▶ [Required action]:
In the entries below, the lines from the one with "i j <= F' i j) ->" through the one with "unfold weighted_g1, tail_above_mean." are to be copied exactly; both ends count.

▶ [The records]:
* * * *

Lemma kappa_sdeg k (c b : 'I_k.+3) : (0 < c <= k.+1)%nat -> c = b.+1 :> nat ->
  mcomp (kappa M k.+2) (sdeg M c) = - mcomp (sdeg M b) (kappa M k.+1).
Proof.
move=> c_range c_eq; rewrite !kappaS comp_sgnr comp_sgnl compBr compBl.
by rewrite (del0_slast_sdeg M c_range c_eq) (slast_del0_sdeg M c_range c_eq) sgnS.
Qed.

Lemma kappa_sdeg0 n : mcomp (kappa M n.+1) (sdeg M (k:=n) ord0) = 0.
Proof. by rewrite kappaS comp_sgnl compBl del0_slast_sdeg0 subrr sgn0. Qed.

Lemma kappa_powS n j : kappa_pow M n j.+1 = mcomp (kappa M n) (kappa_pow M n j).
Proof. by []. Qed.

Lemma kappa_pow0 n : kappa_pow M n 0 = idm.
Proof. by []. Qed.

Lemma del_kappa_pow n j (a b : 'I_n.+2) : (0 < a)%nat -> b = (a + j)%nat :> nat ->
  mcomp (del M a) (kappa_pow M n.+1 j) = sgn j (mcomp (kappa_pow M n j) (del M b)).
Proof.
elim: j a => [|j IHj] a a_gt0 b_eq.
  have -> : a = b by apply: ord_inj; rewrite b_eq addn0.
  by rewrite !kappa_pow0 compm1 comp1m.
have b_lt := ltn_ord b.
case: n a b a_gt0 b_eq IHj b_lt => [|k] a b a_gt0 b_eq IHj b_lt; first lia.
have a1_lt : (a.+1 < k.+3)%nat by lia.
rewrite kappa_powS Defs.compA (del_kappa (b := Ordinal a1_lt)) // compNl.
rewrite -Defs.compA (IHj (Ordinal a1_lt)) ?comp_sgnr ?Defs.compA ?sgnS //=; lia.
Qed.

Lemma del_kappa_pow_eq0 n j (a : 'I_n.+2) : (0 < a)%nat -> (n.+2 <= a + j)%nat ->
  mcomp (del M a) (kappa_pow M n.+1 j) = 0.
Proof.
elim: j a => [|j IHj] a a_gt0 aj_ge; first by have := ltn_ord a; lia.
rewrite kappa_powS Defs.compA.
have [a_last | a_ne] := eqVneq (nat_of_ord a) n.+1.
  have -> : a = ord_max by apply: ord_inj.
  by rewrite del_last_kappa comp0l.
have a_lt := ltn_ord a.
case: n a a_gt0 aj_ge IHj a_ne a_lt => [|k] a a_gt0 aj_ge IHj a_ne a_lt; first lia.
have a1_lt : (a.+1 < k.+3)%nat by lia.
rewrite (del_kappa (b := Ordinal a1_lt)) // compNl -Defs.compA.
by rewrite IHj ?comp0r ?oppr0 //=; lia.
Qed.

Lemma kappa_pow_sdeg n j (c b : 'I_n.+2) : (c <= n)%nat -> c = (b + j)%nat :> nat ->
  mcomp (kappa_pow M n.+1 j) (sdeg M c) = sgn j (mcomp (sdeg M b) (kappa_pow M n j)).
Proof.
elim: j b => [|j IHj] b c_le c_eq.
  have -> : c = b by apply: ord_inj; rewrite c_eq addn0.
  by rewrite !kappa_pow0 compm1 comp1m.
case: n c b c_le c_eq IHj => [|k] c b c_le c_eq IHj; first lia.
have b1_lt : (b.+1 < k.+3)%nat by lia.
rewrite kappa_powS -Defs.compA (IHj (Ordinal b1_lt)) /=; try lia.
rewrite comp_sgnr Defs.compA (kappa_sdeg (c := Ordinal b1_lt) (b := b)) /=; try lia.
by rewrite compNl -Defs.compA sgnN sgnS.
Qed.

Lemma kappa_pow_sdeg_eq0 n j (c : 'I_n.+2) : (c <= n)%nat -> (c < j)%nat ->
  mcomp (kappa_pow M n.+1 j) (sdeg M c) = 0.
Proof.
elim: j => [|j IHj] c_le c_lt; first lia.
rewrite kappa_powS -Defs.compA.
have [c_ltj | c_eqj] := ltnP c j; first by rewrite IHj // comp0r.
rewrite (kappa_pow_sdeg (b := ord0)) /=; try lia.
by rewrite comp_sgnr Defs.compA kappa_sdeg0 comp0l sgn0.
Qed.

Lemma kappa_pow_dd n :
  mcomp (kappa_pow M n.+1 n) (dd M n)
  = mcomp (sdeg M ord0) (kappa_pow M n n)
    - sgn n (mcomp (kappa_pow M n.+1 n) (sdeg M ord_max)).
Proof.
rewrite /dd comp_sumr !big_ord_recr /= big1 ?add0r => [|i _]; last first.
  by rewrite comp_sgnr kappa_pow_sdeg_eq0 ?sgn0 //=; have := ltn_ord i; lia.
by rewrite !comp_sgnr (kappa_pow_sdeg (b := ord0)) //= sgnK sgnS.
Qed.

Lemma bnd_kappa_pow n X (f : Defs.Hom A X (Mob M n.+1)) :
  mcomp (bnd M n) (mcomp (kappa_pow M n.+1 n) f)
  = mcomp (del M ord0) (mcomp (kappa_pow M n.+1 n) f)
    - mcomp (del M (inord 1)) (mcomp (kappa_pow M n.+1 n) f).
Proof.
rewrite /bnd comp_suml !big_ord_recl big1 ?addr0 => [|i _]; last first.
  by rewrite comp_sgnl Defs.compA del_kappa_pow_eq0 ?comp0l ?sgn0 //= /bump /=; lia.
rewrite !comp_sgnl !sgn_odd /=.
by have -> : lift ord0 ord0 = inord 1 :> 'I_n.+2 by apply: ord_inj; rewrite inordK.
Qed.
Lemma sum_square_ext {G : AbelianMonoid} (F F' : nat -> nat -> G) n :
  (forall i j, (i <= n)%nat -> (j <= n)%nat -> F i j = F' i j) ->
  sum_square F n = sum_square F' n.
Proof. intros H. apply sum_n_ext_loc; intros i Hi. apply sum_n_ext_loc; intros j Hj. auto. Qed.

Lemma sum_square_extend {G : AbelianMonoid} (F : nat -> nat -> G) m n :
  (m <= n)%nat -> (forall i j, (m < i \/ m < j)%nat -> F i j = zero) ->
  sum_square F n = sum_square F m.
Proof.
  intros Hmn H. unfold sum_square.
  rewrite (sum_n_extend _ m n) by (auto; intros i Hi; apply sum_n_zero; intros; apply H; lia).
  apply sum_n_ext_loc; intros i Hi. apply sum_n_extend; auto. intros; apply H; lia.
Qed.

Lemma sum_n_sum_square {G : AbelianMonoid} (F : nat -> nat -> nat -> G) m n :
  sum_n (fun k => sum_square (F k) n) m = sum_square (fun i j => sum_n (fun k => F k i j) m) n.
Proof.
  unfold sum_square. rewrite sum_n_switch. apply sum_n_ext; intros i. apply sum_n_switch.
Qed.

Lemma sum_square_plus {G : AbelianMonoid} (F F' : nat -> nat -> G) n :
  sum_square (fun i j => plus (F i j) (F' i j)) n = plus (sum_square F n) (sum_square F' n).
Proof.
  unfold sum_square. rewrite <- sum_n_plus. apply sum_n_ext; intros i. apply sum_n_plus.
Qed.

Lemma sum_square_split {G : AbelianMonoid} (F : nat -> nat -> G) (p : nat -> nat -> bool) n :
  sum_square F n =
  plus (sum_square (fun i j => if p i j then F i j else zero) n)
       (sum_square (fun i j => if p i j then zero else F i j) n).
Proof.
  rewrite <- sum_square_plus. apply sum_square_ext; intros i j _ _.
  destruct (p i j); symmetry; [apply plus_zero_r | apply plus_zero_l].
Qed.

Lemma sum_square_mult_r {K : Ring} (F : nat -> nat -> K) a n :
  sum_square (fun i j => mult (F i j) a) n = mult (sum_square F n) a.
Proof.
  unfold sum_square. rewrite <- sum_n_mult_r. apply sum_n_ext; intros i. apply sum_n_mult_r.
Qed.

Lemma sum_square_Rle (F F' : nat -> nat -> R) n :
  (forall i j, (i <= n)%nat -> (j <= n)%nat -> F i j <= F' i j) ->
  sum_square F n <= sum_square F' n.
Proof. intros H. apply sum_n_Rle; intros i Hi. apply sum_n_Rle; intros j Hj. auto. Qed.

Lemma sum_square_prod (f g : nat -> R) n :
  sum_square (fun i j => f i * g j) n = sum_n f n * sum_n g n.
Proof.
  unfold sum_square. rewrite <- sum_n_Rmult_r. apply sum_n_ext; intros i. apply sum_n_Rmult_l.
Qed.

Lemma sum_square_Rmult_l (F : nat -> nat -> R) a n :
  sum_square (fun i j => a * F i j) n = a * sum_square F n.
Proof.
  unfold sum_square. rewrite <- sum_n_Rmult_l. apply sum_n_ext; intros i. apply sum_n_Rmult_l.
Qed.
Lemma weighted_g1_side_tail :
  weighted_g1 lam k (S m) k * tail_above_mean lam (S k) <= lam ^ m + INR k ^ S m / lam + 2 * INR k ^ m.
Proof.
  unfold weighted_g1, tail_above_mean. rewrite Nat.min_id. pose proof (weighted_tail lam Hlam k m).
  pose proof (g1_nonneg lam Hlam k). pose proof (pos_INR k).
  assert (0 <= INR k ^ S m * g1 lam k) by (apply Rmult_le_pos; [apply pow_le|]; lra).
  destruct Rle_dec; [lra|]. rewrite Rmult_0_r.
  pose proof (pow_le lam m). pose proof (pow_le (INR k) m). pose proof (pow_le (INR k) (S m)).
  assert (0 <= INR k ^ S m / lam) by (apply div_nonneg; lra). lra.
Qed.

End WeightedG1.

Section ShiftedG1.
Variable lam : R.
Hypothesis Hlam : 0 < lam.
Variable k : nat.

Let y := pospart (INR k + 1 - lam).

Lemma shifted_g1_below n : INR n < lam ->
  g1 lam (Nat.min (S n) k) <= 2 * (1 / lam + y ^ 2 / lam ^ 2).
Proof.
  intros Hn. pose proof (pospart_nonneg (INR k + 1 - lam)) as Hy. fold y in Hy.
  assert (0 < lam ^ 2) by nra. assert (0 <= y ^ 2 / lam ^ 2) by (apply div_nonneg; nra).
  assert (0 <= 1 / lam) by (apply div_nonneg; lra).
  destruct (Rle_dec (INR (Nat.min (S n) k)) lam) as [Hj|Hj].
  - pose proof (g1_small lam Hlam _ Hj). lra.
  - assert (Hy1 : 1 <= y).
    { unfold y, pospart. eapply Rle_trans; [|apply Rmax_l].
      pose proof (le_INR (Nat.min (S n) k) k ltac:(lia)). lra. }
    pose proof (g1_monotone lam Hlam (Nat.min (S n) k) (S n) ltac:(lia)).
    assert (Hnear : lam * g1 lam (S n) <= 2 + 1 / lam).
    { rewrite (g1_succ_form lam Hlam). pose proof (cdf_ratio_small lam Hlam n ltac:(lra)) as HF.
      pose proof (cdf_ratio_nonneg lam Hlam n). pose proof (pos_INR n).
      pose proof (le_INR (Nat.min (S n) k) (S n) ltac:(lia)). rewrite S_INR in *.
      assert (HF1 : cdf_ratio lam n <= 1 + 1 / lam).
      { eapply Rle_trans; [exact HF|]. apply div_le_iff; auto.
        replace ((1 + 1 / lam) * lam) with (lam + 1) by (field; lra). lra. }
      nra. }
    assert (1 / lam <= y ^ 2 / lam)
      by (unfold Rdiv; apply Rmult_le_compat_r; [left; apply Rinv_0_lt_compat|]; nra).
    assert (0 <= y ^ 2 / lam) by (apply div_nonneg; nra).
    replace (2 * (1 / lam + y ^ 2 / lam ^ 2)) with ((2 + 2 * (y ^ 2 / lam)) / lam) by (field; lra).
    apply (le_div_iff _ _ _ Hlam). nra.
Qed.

* * * *

▶ [Task response]:
  (forall i j, (i <= n)%nat -> (j <= n)%nat -> F i j <= F' i j) ->
  sum_square F n <= sum_square F' n.
Proof. intros H. apply sum_n_Rle; intros i Hi. apply sum_n_Rle; intros j Hj. auto. Qed.

Lemma sum_square_prod (f g : nat -> R) n :
  sum_square (fun i j => f i * g j) n = sum_n f n * sum_n g n.
Proof.
  unfold sum_square. rewrite <- sum_n_Rmult_r. apply sum_n_ext; intros i. apply sum_n_Rmult_l.
Qed.

Lemma sum_square_Rmult_l (F : nat -> nat -> R) a n :
  sum_square (fun i j => a * F i j) n = a * sum_square F n.
Proof.
  unfold sum_square. rewrite <- sum_n_Rmult_l. apply sum_n_ext; intros i. apply sum_n_Rmult_l.
Qed.
Lemma weighted_g1_side_tail :
  weighted_g1 lam k (S m) k * tail_above_mean lam (S k) <= lam ^ m + INR k ^ S m / lam + 2 * INR k ^ m.
Proof.
  unfold weighted_g1, tail_above_mean. rewrite Nat.min_id. pose proof (weighted_tail lam Hlam k m).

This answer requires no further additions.